Measuring Ionospheric Scintillation Effects from GPS Signals

GPS signals provide an excellent means for measuring ionospheric scintillation effects on a global basis because the signals are continuously available and can be measured through many points of the ionosphere simultaneously. GPS signals are themselves affected. However, tracking through disturbances with a GPS receiver is usually possible with reasonably wide bandwidth tracking loops. Because of this, ionospheric scintillation can be monitored, and is currently being monitored around the world. This was not widely possible during the last solar activity peak. The importance of the wide bandwidth is that scintillation parameters, such as spectral content, can be computed, not just the effects of the scintillation on GPS receiver performance.
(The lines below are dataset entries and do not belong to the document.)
(* Let $\mathbf{G}$ be the graph with vertex set consisting of $\mathbb{Z}_+=\{0,1,2,\dots\}$ together with additional vertices such that, for each $n\ge0$, $n$ and $n+1$ are joined by $2^n$ disjoint paths of length $2$ (each through its own new middle vertex), and there are no other edges. Then $\mathbf{G}$ is transient, but two independent simple random walks on $\mathbf{G}$ started from the same vertex meet infinitely many times almost surely. *)

From mathcomp Require Import all_boot all_order all_algebra.
Set Implicit Arguments. Unset Strict Implicit. Unset Printing Implicit Defensive.
Import Order.TTheory GRing.Theory Num.Theory.
Local Open Scope ring_scope.

(* Vertices of G: [inl n] is the integer vertex n in Z_+;
   [inr (n, i)] is the middle vertex of the i-th path of length 2 joining
   n and n+1 (meaningful only for i < 2^n). *)
Definition vertex : Type := (nat + (nat * nat))%type.

Definition valid_vertex (v : vertex) : bool :=
  match v with inl _ => true | inr (n, i) => (i < 2 ^ n)%N end.

Definition G_adj (x y : vertex) : bool :=
  match x, y with
  | inl m, inr (n, i) => ((i < 2 ^ n)%N && ((m == n) || (m == n.+1)))
  | inr (n, i), inl m => ((i < 2 ^ n)%N && ((m == n) || (m == n.+1)))
  | _, _ => false
  end.

Definition nbrs (x : vertex) : seq vertex :=
  match x with
  | inl n =>
      [seq inr (n, i) | i <- iota 0 (2 ^ n)] ++
      (if n is m.+1 then [seq inr (m, i) | i <- iota 0 (2 ^ m)] else [::])
  | inr (n, _) => [:: inl n; inl n.+1]
  end.

(* All trajectories of length n (n steps, n+1 vertices, starting at v) of
   simple random walk on G, each with its probability
   prod_t 1/deg(X_t). *)
Fixpoint walks (v : vertex) (n : nat) : seq (seq vertex * rat) :=
  match n with
  | 0 => [:: ([:: v], 1)]
  | n'.+1 =>
      flatten [seq [seq (rcons p.1 y, p.2 / (size (nbrs (last v p.1)))%:R)
                   | y <- nbrs (last v p.1)]
              | p <- walks v n']
  end.

(* P_v( SRW returns to v at some time t in {1,...,n} ). *)
Definition return_prob (v : vertex) (n : nat) : rat :=
  \sum_(p <- walks v n) (if has (pred1 v) (behead p.1) then p.2 else 0).

Definition meetings (v : vertex) (n : nat) (p q : seq vertex) : nat :=
  count (fun t => nth v p t == nth v q t) (iota 1 n).

(* For two independent SRWs X, Y both started at v:
   P( #{t in 1..n : X_t = Y_t} >= k ). *)
Definition meet_prob (v : vertex) (k n : nat) : rat :=
  \sum_(p <- walks v n) \sum_(q <- walks v n)
     (if (k <= meetings v n p.1 q.1)%N then p.2 * q.2 else 0).

(* Transience: for every vertex v, P_v(ever return to v) < 1, where
   P_v(ever return) = sup_n return_prob v n (continuity of measure). *)
Definition G_transient : Prop :=
  forall v : vertex, valid_vertex v ->
    exists eps : rat, 0 < eps /\ forall n, return_prob v n <= 1 - eps.

(* Two independent SRWs from the same vertex meet infinitely often a.s.:
   P(infinitely many meetings) = inf_k sup_n meet_prob v k n = 1. *)
Definition G_meet_io_as : Prop :=
  forall v : vertex, valid_vertex v ->
    forall (k : nat) (eps : rat), 0 < eps ->
      exists n, 1 - eps <= meet_prob v k n.

From mathcomp Require Import all_boot all_order all_algebra.
From mathcomp Require Import zify ring lra.
Set Implicit Arguments. Unset Strict Implicit. Unset Printing Implicit Defensive.
Import Order.TTheory GRing.Theory Num.Theory.
Local Open Scope ring_scope.

(* Transience: the voltage [phi] of a unit current flow to infinity is
   superharmonic, hence so is [min 1 (phi / phi v)]; it dominates the
   probability of hitting [v], and its average over the neighbours of [v] is
   at most 5/6.
   Meetings: from integer vertices [a <> b], every two steps the difference of
   levels behaves like a recurrent walk.  [|a - b| + 1] is a supermartingale
   until the walks meet, and from distance at most [M] they meet within [2 M]
   steps with probability at least 18^-M; cutting time into blocks of length
   [2 M] shows that they meet almost surely.  Restarting at a meeting (Markov
   property) then yields any number of meetings. *)

(** * Averages along the walk *)

Definition deg (x : vertex) : nat := size (nbrs x).

Definition avg (f : vertex -> rat) (x : vertex) : rat :=
  (deg x)%:R^-1 * \sum_(y <- nbrs x) f y.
The majority of the current wide bandwidth monitoring is being done using a commercially off-the-shelf GPS receiver implemented with special software -- the GSV4000 GPS Ionospheric Scintillation Monitor (GISM) and predecessor prototype units. Now, GPS Silicon Valley is pleased to offer the new GSV4004 GPS Ionospheric Scintillation and TEC Monitor (GISTM) receiver. This receiver, a NovAtel EURO4 dual-frequency receiver with special firmware, comprises the major component of a GPS signal monitor, specifically configured to measure amplitude and phase scintillation from the L1 frequency GPS signals, and the ionosphere's TEC from the L1 and L2 frequency GPS signals. This scintillation and TEC monitoring receiver is housed in a NovAtel GPStation4E housing with a low phase noise oscillator, and provides true amplitude, single frequency carrier phase measurements and TEC measurements of up to 11 GPS satellites in view. It will also track one SBAS (WAAS, EGNOS or MSAS) satellite, providing L1 measurements and data, as the 12th satellite. The unit comes with complete software that allows the automatic measurement and computation of all the major scintillation parameters and TEC. A variety of antennae, with or without choke rings and cables, are offered as options. In this paper, the wide bandwidth monitoring capabilities of these receivers are described. This is followed by the presentation of data collected from a selection of recorded scintillation events and TEC calibration results.